What you need to do
Once the line containing "have := IH (ltnW" is found, retype it and each line after it through the last entry below, word for word, and nothing else.

** Opening Source information block **

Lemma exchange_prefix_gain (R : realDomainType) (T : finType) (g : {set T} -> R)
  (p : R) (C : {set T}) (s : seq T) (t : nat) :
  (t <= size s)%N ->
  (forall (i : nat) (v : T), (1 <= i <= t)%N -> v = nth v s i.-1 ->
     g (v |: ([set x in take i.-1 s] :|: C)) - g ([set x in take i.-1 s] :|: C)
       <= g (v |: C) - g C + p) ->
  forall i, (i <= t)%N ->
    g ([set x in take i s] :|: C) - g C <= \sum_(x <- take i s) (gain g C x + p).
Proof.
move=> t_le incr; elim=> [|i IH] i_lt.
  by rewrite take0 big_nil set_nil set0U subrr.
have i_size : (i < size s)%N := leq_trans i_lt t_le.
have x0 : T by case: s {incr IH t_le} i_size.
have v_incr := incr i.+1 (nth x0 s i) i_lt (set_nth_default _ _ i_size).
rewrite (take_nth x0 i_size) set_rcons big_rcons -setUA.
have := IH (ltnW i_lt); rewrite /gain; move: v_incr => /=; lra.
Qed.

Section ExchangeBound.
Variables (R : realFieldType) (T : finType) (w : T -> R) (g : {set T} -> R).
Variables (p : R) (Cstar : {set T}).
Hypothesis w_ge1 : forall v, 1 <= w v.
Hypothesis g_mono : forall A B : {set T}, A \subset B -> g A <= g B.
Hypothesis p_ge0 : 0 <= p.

** Closing Source information block **

Written solution
have := IH (ltnW i_lt); rewrite /gain; move: v_incr => /=; lra.
Qed.

Section ExchangeBound.
Variables (R : realFieldType) (T : finType) (w : T -> R) (g : {set T} -> R).
Variables (p : R) (Cstar : {set T}).
Hypothesis w_ge1 : forall v, 1 <= w v.
Hypothesis g_mono : forall A B : {set T}, A \subset B -> g A <= g B.
Hypothesis p_ge0 : 0 <= p.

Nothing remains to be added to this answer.